Unnamed: 0,word,entity_group,score,start,end,cluster_id
0,Donald Trump,PER,0.707755,26,59,Donald Trump
1,Donald Trump,PER,0.203877,20,66,Donald Trump
2,J. biden,PER,0.056004,49,32,joe biden
3,joe biden,PER,0.294578,8,83,joe biden
4,Biden,PER,0.579199,3,81,joe biden
5,Bide,PER,0.354262,83,74,joe biden
6,mark esper,PER,0.126862,91,70,mark esper
7,Christopher c . miller,PER,0.720742,50,51,Christopher c . miller
8,jim mattis,PER,0.182735,31,61,jim mattis
9,Nancy Pelosi,PER,0.177108,91,84,Nancy Pelosi


Note, that the original entities are now equipped with a 'cluster_id', assigning each of the entities to an entity cluster.

We see from the results, that different string representations of e.g. 'Donald Trump' have been clustered together.
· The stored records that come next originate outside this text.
Hypothesis Nc_gt0 : (0 < Nc)%N.
Hypothesis body_r_ge0 : forall i, 0 <= body_r (A i).
Hypothesis lcont00 : forall i, lcont (A i) 0 0 = 0.
Hypothesis s_optimal : forall i t,
  (exists s', feasible Nn Nc h (x i t) (Sc i t) (SR i t) (Jhat i t) s') ->
  optimal Nn Nc gamma h (x i t) (Sc i t) (SR i t) (Jhat i t) (s i t).
Hypothesis x_next : forall i t, x i t.+1 = dynf (A i) (x i t) (uc (s i t) 0).
Hypothesis Jhat_next : forall i t, Jhat i t.+1 = Jc Nc (s i t)
  - lcont (A i) (x i t - xbar (s i t)) (uc (s i t) 0 - ubar (s i t)).
Hypothesis freeze : forall i t,
  conflict x Sc SR i t -> Sc i t.+1 = Sc i t /\ SR i t.+1 = SR i t.
Hypothesis shift : forall i t, ~ conflict x Sc SR i t ->
  Sc i t.+1 = gen_c (A i) (x i t.+1) /\ SR i t.+1 = gen_R (A i) (x i t.+1).
Hypothesis nominal_completion : forall i t (s' : sol R (nx (A i)) (nu (A i))),
  feas_c Nc h (x i t.+1) (Sc i t.+1) (SR i t.+1) (Jhat i t.+1) s' ->
  exists xn' un', feas_n Nn (x i t.+1)
    (Sol xn' un' (xc s') (uc s') (xbar s') (ubar s')).

Definition feasible_at i t :=
  exists s', feasible Nn Nc h (x i t) (Sc i t) (SR i t) (Jhat i t) s'.

Definition safe_sets_disjoint t :=
  forall i j, i != j -> ~ balls_meet (Sc i t) (SR i t) (Sc j t) (SR j t).

Lemma feasible_at_next i t : feasible_at i t -> feasible_at i t.+1.
Proof.
move=> /s_optimal[[_ Fc] _].
have next : (Sc i t.+1, SR i t.+1) = (Sc i t, SR i t) \/
    (Sc i t.+1, SR i t.+1) = (gen_c (A i) (x i t.+1), gen_R (A i) (x i t.+1)).
  have [/freeze | /shift] := pselect (conflict x Sc SR i t) => -[-> ->]; by [left | right].
have Fc' : feas_c Nc h (x i t.+1) (Sc i t.+1) (SR i t.+1) (Jhat i t.+1)
    (shift_sol Nc (xn (s i t)) (un (s i t)) (s i t)).
  rewrite x_next Jhat_next in next *.
  exact: feas_c_recursive Nc_gt0 (lcont00 i) (body_r_ge0 i) Fc next.
have [xn' [un' Fn']] := nominal_completion Fc'.
by exists (shift_sol Nc xn' un' (s i t)).
Qed.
As you see, the 'cluster_id' of each cluster is the longest string within the entity cluster.

In this case we applied a `partial_token_set_ratio` and a cutoff threshold value of 75 on the pairwise fuzzy ratios. Depending on your use case, you should choose an appropriate scorer from `rapidfuzz.fuzz` and 'fine-tune' the cutoff threshold value on your own data.

### Step 3: Rank Clusters
A naïve approach for computing the 'prominence' of the different string clusters is to just count the number of nodes/strings in each cluster. This is the default behaviour of `compute_prominence()`.

In [37]:
compute_prominence(clusters,
                   to_dataframe=True,
                   merge_output=True)

Unnamed: 0,word,entity_group,score,start,end,cluster_id,prominence_score,prominence_rank
0,Donald Trump,PER,0.707755,26,59,Donald Trump,5.0,1
1,Donald Trump,PER,0.203877,20,66,Donald Trump,5.0,1
2,J. biden,PER,0.056004,49,32,joe biden,4.0,2
3,joe biden,PER,0.294578,8,83,joe biden,4.0,2
4,Biden,PER,0.579199,3,81,joe biden,4.0,2
5,Bide,PER,0.354262,83,74,joe biden,4.0,2
6,mark esper,PER,0.126862,91,70,mark esper,1.0,4
7,Christopher c . miller,PER,0.720742,50,51,Christopher c . miller,2.0,3
8,jim mattis,PER,0.182735,31,61,jim mattis,1.0,4
9,Nancy Pelosi,PER,0.177108,91,84,Nancy Pelosi,1.0,4


In this case, the 'prominence score' of the 'Donald Trump' entity cluster is 5, because Donald Trump is mentioned 5 times in different variations. This is the highest frequency among the clustered and therefore the 'Donald Trump' cluster is scored as the most prominent cluster.

The clusters are ranked by their prominence scores in the 'prominence rank' column.